To address the concern that a disproportionate number of minority students are accused of honor violations, the commission recommended that regular diversity training be initiated for all Honor Committee members and support officers, and that the Honor Committee work closely with the administration to increase minority student participation and recruit minority students to be support officers and candidates for membership on the committee. Other recommendations included streamlining the process and toning down the adversarial nature of the proceedings and making accused students primarily responsible for their own defense.

James Madison, Mason Study Abroad Programs Rank Highly
According to the Chronicle of Higher Education, James Madison University ranks second among master’s degree institutions in the number of students participating in study abroad programs. The rankings, which were released last fall, list the top 20 colleges and universities categorized among research, doctoral, master’s, and bachelor’s institutions for the 1998–99 academic year. James Madison sent 568 students abroad to study during that time. In the same category, the University of Richmond ranked 19th.

Of the top 20 doctoral institutions, George Mason University was ranked third with 671 students studying abroad, and William and Mary was ranked 17th with 352 students.

ODU Students Ask for Activities Fees Increase
The Virginian-Pilot newspaper reported in December that student leaders at Old Dominion University (ODU) will ask the school’s Board of Visitors to approve an activities fee increase.

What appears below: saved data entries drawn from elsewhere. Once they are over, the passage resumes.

(* There exist a real number $d>1$, a family $\mathcal{H}$ of finite graphs with $\mu_{\log}(\mathcal{H})\le d$, and a real $\lambda\in(0,\lambda_c(d))$ such that $\lambda$ is an accumulation point of the zeros of the partition functions $\{Z_H: H\in\mathcal{H}\}$; in particular, no set of the form $\{z\in\mathbb{C}:|z-z_0|<\delta\text{ for some }z_0\in[0,\lambda_c(d))\}$ with $\delta>0$ is zero-free for all $Z_H$, $H\in\mathcal{H}$.
   Context: For a finite graph $G$, $Z_G(z)=\sum_I z^{|I|}$ over independent sets $I$ of $G$. A point $a$ is an accumulation point of the zeros of a family of functions if every neighborhood of $a$ contains a zero of some member of the family. A self-avoiding walk (SAW) of length $i$ from $v$ is a walk $v=v_0,\dots,v_i$ with all vertices distinct; $\mathcal{N}_{\le \ell}(G,v)$ is the number of SAWs of length between $1$ and $\ell$ starting at $v$. ''$\mu_{\log}(\mathcal{H})\le d$'' means: there exist constants $a,c$ such that for every $G=(V,E)\in\mathcal{H}$, every $v\in V$ and every $\ell\ge a\log|V|$, $\mathcal{N}_{\le\ell}(G,v)\le c\,d^\ell$. For $x>1$, $\lambda_c(x)=x^x/(x-1)^{x+1}$. *)

From HB Require Import structures.
From mathcomp Require Import all_boot all_order all_algebra.
From mathcomp Require Import all_classical all_reals.
From mathcomp Require Import exp.
From mathcomp Require Import complex.
From mathcomp Require Import Rstruct.
From Stdlib Require Import Rdefinitions.

Set Implicit Arguments.
Unset Strict Implicit.
Unset Printing Implicit Defensive.

Import Order.TTheory GRing.Theory Num.Theory.
Local Open Scope ring_scope.

Notation RR := Rdefinitions.R.
Notation CC := (complex RR).

Record sgraph := SGraph {
  gV :> finType;
  gadj : rel gV;
  gadj_sym : symmetric gadj;
  gadj_irr : irreflexive gadj }.

Definition independent (G : sgraph) (I : {set G}) : bool :=
  [forall x in I, forall y in I, ~~ gadj x y].

Definition Z (G : sgraph) (z : CC) : CC :=
  \sum_(I : {set G} | independent I) z ^+ #|I|.

Definition saw (G : sgraph) (v : G) (s : seq G) : bool :=
  path (@gadj G) v s && uniq (v :: s).

Definition N_le (G : sgraph) (v : G) (l : nat) : nat :=
  \sum_(1 <= i < l.+1) #|[set t : i.-tuple G | saw v t]|.

Definition mu_log_le (H : sgraph -> Prop) (d : RR) : Prop :=
  exists a c : RR, forall G : sgraph, H G -> forall (v : G) (l : nat),
    a * ln (#|G|%:R) <= l%:R -> (N_le v l)%:R <= c * d ^+ l.

Definition lambda_c (x : RR) : RR := powR x x / powR (x - 1) (x + 1).

Definition zero_accum (H : sgraph -> Prop) (a : CC) : Prop :=
  forall eps : RR, 0 < eps ->
    exists G : sgraph, H G /\ exists z : CC, Z G z = 0 /\ `|z - a| < (eps%:C)%C.
(* Assume (A1) and (A2) below. Then for any $s\in\mathcal S$ and policy $\pi$, $$\mathbb{E}_{p\sim\Phi_t}\Big[\mathbb{V}_{a,s'\sim\pi,p}\big[V^{\pi,p}(s')\big]-\mathbb{V}_{a,s'\sim\pi,p}\big[\bar V^\pi_t(s')\big]\Big]\ge 0.$$
   Context: Let $\mathcal S$ be a finite state space, $\mathcal A$ a finite action space, $r:\mathcal S\times\mathcal A\to\mathbb R$ a known bounded (deterministic) reward function and $\gamma\in[0,1)$ a discount factor. A transition function $p$ assigns to each $(s,a)$ a probability distribution $p(\cdot\mid s,a)$ on $\mathcal S$. A policy $\pi$ gives distributions $\pi(\cdot\mid s)$ on $\mathcal A$. For a transition function $p$, the value function is $V^{\pi,p}(s)=\mathbb E\big[\sum_{h\ge 0}\gamma^h r(s_h,a_h)\mid s_0=s\big]$ with $a_h\sim\pi(\cdot\mid s_h)$, $s_{h+1}\sim p(\cdot\mid s_h,a_h)$. The transition function $p$ is a random variable with distribution $\Phi_t$, and $\bar V^\pi_t(s)=\mathbb E_{p\sim\Phi_t}[V^{\pi,p}(s)]$. For a transition function $q$ and a function $f$ on $\mathcal S$, $\mathbb V_{a,s'\sim\pi,q}[f(s')]$ denotes the variance of $f(s')$ when $a\sim\pi(\cdot\mid s)$ and $s'\sim q(\cdot\mid s,a)$. Assumptions: (A1) (independent transitions) $p(s'\mid x,a)$ and $p(s'\mid y,a)$ are independent random variables if $x\neq y$; (A2) (acyclic MDP) the MDP is a directed acyclic graph, i.e., states are not visited more than once in any given episode. *)

From HB Require Import structures.
From mathcomp Require Import all_boot all_order all_algebra.
From mathcomp Require Import all_classical all_reals all_analysis.
Set Implicit Arguments. Unset Strict Implicit. Unset Printing Implicit Defensive.
Import Order.TTheory GRing.Theory Num.Theory.
Local Open Scope classical_set_scope.
Local Open Scope ring_scope.
(* Let $(A,\mu,\alpha,\beta)$ be a BiHom-associative algebra and $R:A\to A$ an $\alpha\beta$-Rota-Baxter operator. Let $\eta:A\to A$ be an algebra map commuting with $\alpha$, $\beta$ and $R$. Define $x\prec y=\alpha\beta(x)R(\eta(y))$ and $x\succ y=R(x)\alpha\beta\eta(y)$ for $x,y\in A$. Then $(A,\prec,\succ,\alpha^2\beta,\alpha\beta^2\eta)$ is a BiHom-dendriform algebra.
   Context: A BiHom-associative algebra $(A,\mu,\alpha,\beta)$: linear space with bilinear $\mu(x\otimes y)=xy$ and linear maps $\alpha,\beta$ with $\alpha\beta=\beta\alpha$, both multiplicative, and $\alpha(x)(yz)=(xy)\beta(z)$ for all $x,y,z$. An $\alpha\beta$-Rota-Baxter operator is a linear map $R$ commuting with $\alpha$ and $\beta$ such that $R(\alpha\beta(a))R(\alpha\beta(b))=R\big(\alpha\beta(a)R(b)+R(a)\alpha\beta(b)\big)$ for all $a,b$. A BiHom-dendriform algebra $(A,\prec,\succ,\alpha',\beta')$: bilinear $\prec,\succ$ and commuting linear maps $\alpha',\beta'$ multiplicative for both operations such that $(x\prec y)\prec\beta'(z)=\alpha'(x)\prec(y\prec z+y\succ z)$, $(x\succ y)\prec\beta'(z)=\alpha'(x)\succ(y\prec z)$, $\alpha'(x)\succ(y\succ z)=(x\prec y+x\succ y)\succ\beta'(z)$. *)

From HB Require Import structures.
From mathcomp Require Import all_boot all_order all_algebra.
Set Implicit Arguments. Unset Strict Implicit. Unset Printing Implicit Defensive.
Import GRing.Theory.
Local Open Scope ring_scope.

Definition is_linear (K : fieldType) (A : lmodType K) (f : A -> A) : Prop :=
  forall (a : K) (x y : A), f (a *: x + y) = a *: f x + f y.

Definition is_bilinear (K : fieldType) (A : lmodType K) (m : A -> A -> A) : Prop :=
  (forall x : A, is_linear (m x)) /\ (forall y : A, is_linear (fun x => m x y)).

Definition multiplicative_for (A : Type) (m : A -> A -> A) (f : A -> A) : Prop :=
  forall x y : A, f (m x y) = m (f x) (f y).

Definition commute_maps (A : Type) (f g : A -> A) : Prop :=
  forall x : A, f (g x) = g (f x).

Definition BiHomAssociative (K : fieldType) (A : lmodType K)
  (mu : A -> A -> A) (alpha beta : A -> A) : Prop :=
  [/\ is_bilinear mu, is_linear alpha /\ is_linear beta,
      commute_maps alpha beta,
      multiplicative_for mu alpha /\ multiplicative_for mu beta &
      forall x y z : A, mu (alpha x) (mu y z) = mu (mu x y) (beta z)].

Definition ab_RotaBaxter (K : fieldType) (A : lmodType K)
  (mu : A -> A -> A) (alpha beta R : A -> A) : Prop :=
  [/\ is_linear R, commute_maps R alpha, commute_maps R beta &
      forall a b : A,
        mu (R (alpha (beta a))) (R (alpha (beta b)))
        = R (mu (alpha (beta a)) (R b) + mu (R a) (alpha (beta b)))].

Definition algebra_map (K : fieldType) (A : lmodType K)
  (mu : A -> A -> A) (eta : A -> A) : Prop :=
  is_linear eta /\ multiplicative_for mu eta.

Definition BiHomDendriform (K : fieldType) (A : lmodType K)
  (prec succ : A -> A -> A) (alpha' beta' : A -> A) : Prop :=
  [/\ is_bilinear prec /\ is_bilinear succ,
      is_linear alpha' /\ is_linear beta',
      commute_maps alpha' beta',
      [/\ multiplicative_for prec alpha', multiplicative_for succ alpha',
          multiplicative_for prec beta' & multiplicative_for succ beta'] &
      [/\ forall x y z : A,
            prec (prec x y) (beta' z) = prec (alpha' x) (prec y z + succ y z),
          forall x y z : A,
            prec (succ x y) (beta' z) = succ (alpha' x) (prec y z) &
          forall x y z : A,
            succ (alpha' x) (succ y z) = succ (prec x y + succ x y) (beta' z)]].

(* With a := alpha beta, the Rota-Baxter identity R(a u) R(a v) = R(a u R v + R u a v)
   turns every dendriform axiom into a single instance of BiHom-associativity:
   the first and third axioms use it to merge the two operations appearing on one side,
   the second is BiHom-associativity on the nose.  The twisting maps alpha^2 beta and
   alpha beta^2 eta are chosen so that, after pushing alpha, beta, eta and R through
   products and past each other, both sides of each axiom carry the same twists. *)
From mathcomp Require Import all_boot all_order all_algebra.
Import GRing.Theory.
Local Open Scope ring_scope.

Lemma linearD {K : fieldType} {A : lmodType K} {f : A -> A} :
  is_linear f -> forall x y, f (x + y) = f x + f y.
Proof. by move=> f_lin x y; have := f_lin 1 x y; rewrite !scale1r. Qed.

Lemma is_linear_comp {K : fieldType} {A : lmodType K} {f g : A -> A} :
  is_linear f -> is_linear g -> is_linear (fun x => f (g x)).
Proof. by move=> f_lin g_lin a x y; rewrite g_lin f_lin. Qed.

Section RotaBaxterDendriform.

Variables (K : fieldType) (A : lmodType K).
Variables (mu : A -> A -> A) (alpha beta R eta : A -> A).

Hypothesis mu_bilinear : is_bilinear mu.
Hypotheses (alpha_linear : is_linear alpha) (beta_linear : is_linear beta).
Hypothesis alpha_beta_comm : commute_maps alpha beta.
Hypotheses (alpha_mul : multiplicative_for mu alpha) (beta_mul : multiplicative_for mu beta).
Hypothesis mu_biHomA : forall x y z, mu (alpha x) (mu y z) = mu (mu x y) (beta z).

Hypothesis R_linear : is_linear R.
Hypotheses (R_alpha : commute_maps R alpha) (R_beta : commute_maps R beta).
Hypothesis R_RotaBaxter : forall u v,
  mu (R (alpha (beta u))) (R (alpha (beta v)))
  = R (mu (alpha (beta u)) (R v) + mu (R u) (alpha (beta v))).

Hypotheses (eta_linear : is_linear eta) (eta_mul : multiplicative_for mu eta).
Hypotheses (eta_alpha : commute_maps eta alpha) (eta_beta : commute_maps eta beta).
Hypothesis eta_R : commute_maps eta R.

Definition rb_prec x y := mu (alpha (beta x)) (R (eta y)).
Definition rb_succ x y := mu (R x) (alpha (beta (eta y))).
Definition rb_alpha x := alpha (alpha (beta x)).
Definition rb_beta x := alpha (beta (beta (eta x))).

(* Normal form alpha^i (beta^j (R^k (eta^l x))) inside products of mu. *)
Local Ltac twist_normalize :=
  repeat progress rewrite ?eta_mul ?alpha_mul ?beta_mul ?eta_alpha ?eta_beta ?eta_R
                          ?R_alpha ?R_beta -?alpha_beta_comm.

Lemma rb_prec_bilinear : is_bilinear rb_prec.
Proof.
have [mu_linr mu_linl] := mu_bilinear.
split=> u a x y; rewrite /rb_prec.
- by rewrite eta_linear R_linear mu_linr.
- by rewrite beta_linear alpha_linear mu_linl.
Qed.

Lemma rb_succ_bilinear : is_bilinear rb_succ.
Proof.
have [mu_linr mu_linl] := mu_bilinear.
split=> u a x y; rewrite /rb_succ.
- by rewrite eta_linear beta_linear alpha_linear mu_linr.
- by rewrite R_linear mu_linl.
Qed.

Lemma rb_twists_linear : is_linear rb_alpha /\ is_linear rb_beta.
Proof. by split; do 3?[apply: is_linear_comp => //]. Qed.

Lemma rb_twists_comm : commute_maps rb_alpha rb_beta.
Proof. by move=> x; rewrite /rb_alpha /rb_beta; twist_normalize. Qed.

Lemma rb_twists_multiplicative :
  [/\ multiplicative_for rb_prec rb_alpha, multiplicative_for rb_succ rb_alpha,
      multiplicative_for rb_prec rb_beta & multiplicative_for rb_succ rb_beta].
Proof.
by split=> x y; rewrite /rb_prec /rb_succ /rb_alpha /rb_beta; twist_normalize.
Qed.

Lemma RotaBaxter_twisted u v :
  mu (alpha (beta (R u))) (alpha (beta (R v)))
  = R (mu (alpha (beta u)) (R v) + mu (R u) (alpha (beta v))).
Proof. by rewrite -R_RotaBaxter !R_alpha !R_beta. Qed.

Lemma rb_prec_prec x y z :
  rb_prec (rb_prec x y) (rb_beta z)
  = rb_prec (rb_alpha x) (rb_prec y z + rb_succ y z).
Proof.
rewrite /rb_prec /rb_succ /rb_alpha /rb_beta !(linearD eta_linear); twist_normalize.
by rewrite -RotaBaxter_twisted mu_biHomA; twist_normalize.
Qed.

Lemma rb_succ_prec x y z :
  rb_prec (rb_succ x y) (rb_beta z) = rb_succ (rb_alpha x) (rb_prec y z).
Proof.
rewrite /rb_prec /rb_succ /rb_alpha /rb_beta; twist_normalize.
by rewrite mu_biHomA; twist_normalize.
Qed.

Lemma rb_succ_succ x y z :
  rb_succ (rb_alpha x) (rb_succ y z)
  = rb_succ (rb_prec x y + rb_succ x y) (rb_beta z).
Proof.
rewrite /rb_prec /rb_succ /rb_alpha /rb_beta; twist_normalize.
by rewrite mu_biHomA RotaBaxter_twisted; twist_normalize.
Qed.

Lemma rb_BiHomDendriform : BiHomDendriform rb_prec rb_succ rb_alpha rb_beta.
Proof.
split.
- by split; [exact: rb_prec_bilinear | exact: rb_succ_bilinear].
- exact: rb_twists_linear.
- exact: rb_twists_comm.
- exact: rb_twists_multiplicative.
- by split; [exact: rb_prec_prec | exact: rb_succ_prec | exact: rb_succ_succ].
Qed.

End RotaBaxterDendriform.

Theorem mainTheorem7 (K : fieldType) (A : lmodType K)
  (mu : A -> A -> A) (alpha beta R eta : A -> A) :
  BiHomAssociative mu alpha beta ->
  ab_RotaBaxter mu alpha beta R ->
  algebra_map mu eta ->
  commute_maps eta alpha -> commute_maps eta beta -> commute_maps eta R ->
  BiHomDendriform
    (fun x y => mu (alpha (beta x)) (R (eta y)))
    (fun x y => mu (R x) (alpha (beta (eta y))))
    (fun x => alpha (alpha (beta x)))
    (fun x => alpha (beta (beta (eta x)))).
Proof.
move=> [mu_bilin [alpha_lin beta_lin] ab_comm [alpha_mul beta_mul] mu_biHomA].
move=> [R_lin R_alpha R_beta R_RB] [eta_lin eta_mul] eta_alpha eta_beta eta_R.
by apply: rb_BiHomDendriform.
Qed.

According to the article, ODU’s allotment per student for activities is among the lowest of Virginia’s public four-year universities. The proposed $1-per-credit-hour increase would nearly triple the funds available for student activities.

William and Mary BOV Reaffirms Out-of-State Student Ratio
The Board of Visitors (BOV) of the College of William and Mary in November reaffirmed its commitment to a 65:35 ratio of in-state to out-of-state students, reports W&M News, the college’s newspaper. According to college president Timothy Sullivan, the school’s admission profile has demonstrated that the policy “has been one of the higher education policies that has remained constant.” The article also reports Sullivan as stating that out-of-state tuition in part subsidizes in-state tuition and lowering the ratio of out-of-state students would end up costing the commonwealth more money. Legislation in the Virginia General Assembly that would have capped out-of-state enrollment at 33 percent had been defeated a day before the William and Mary BOV adopted the resolution.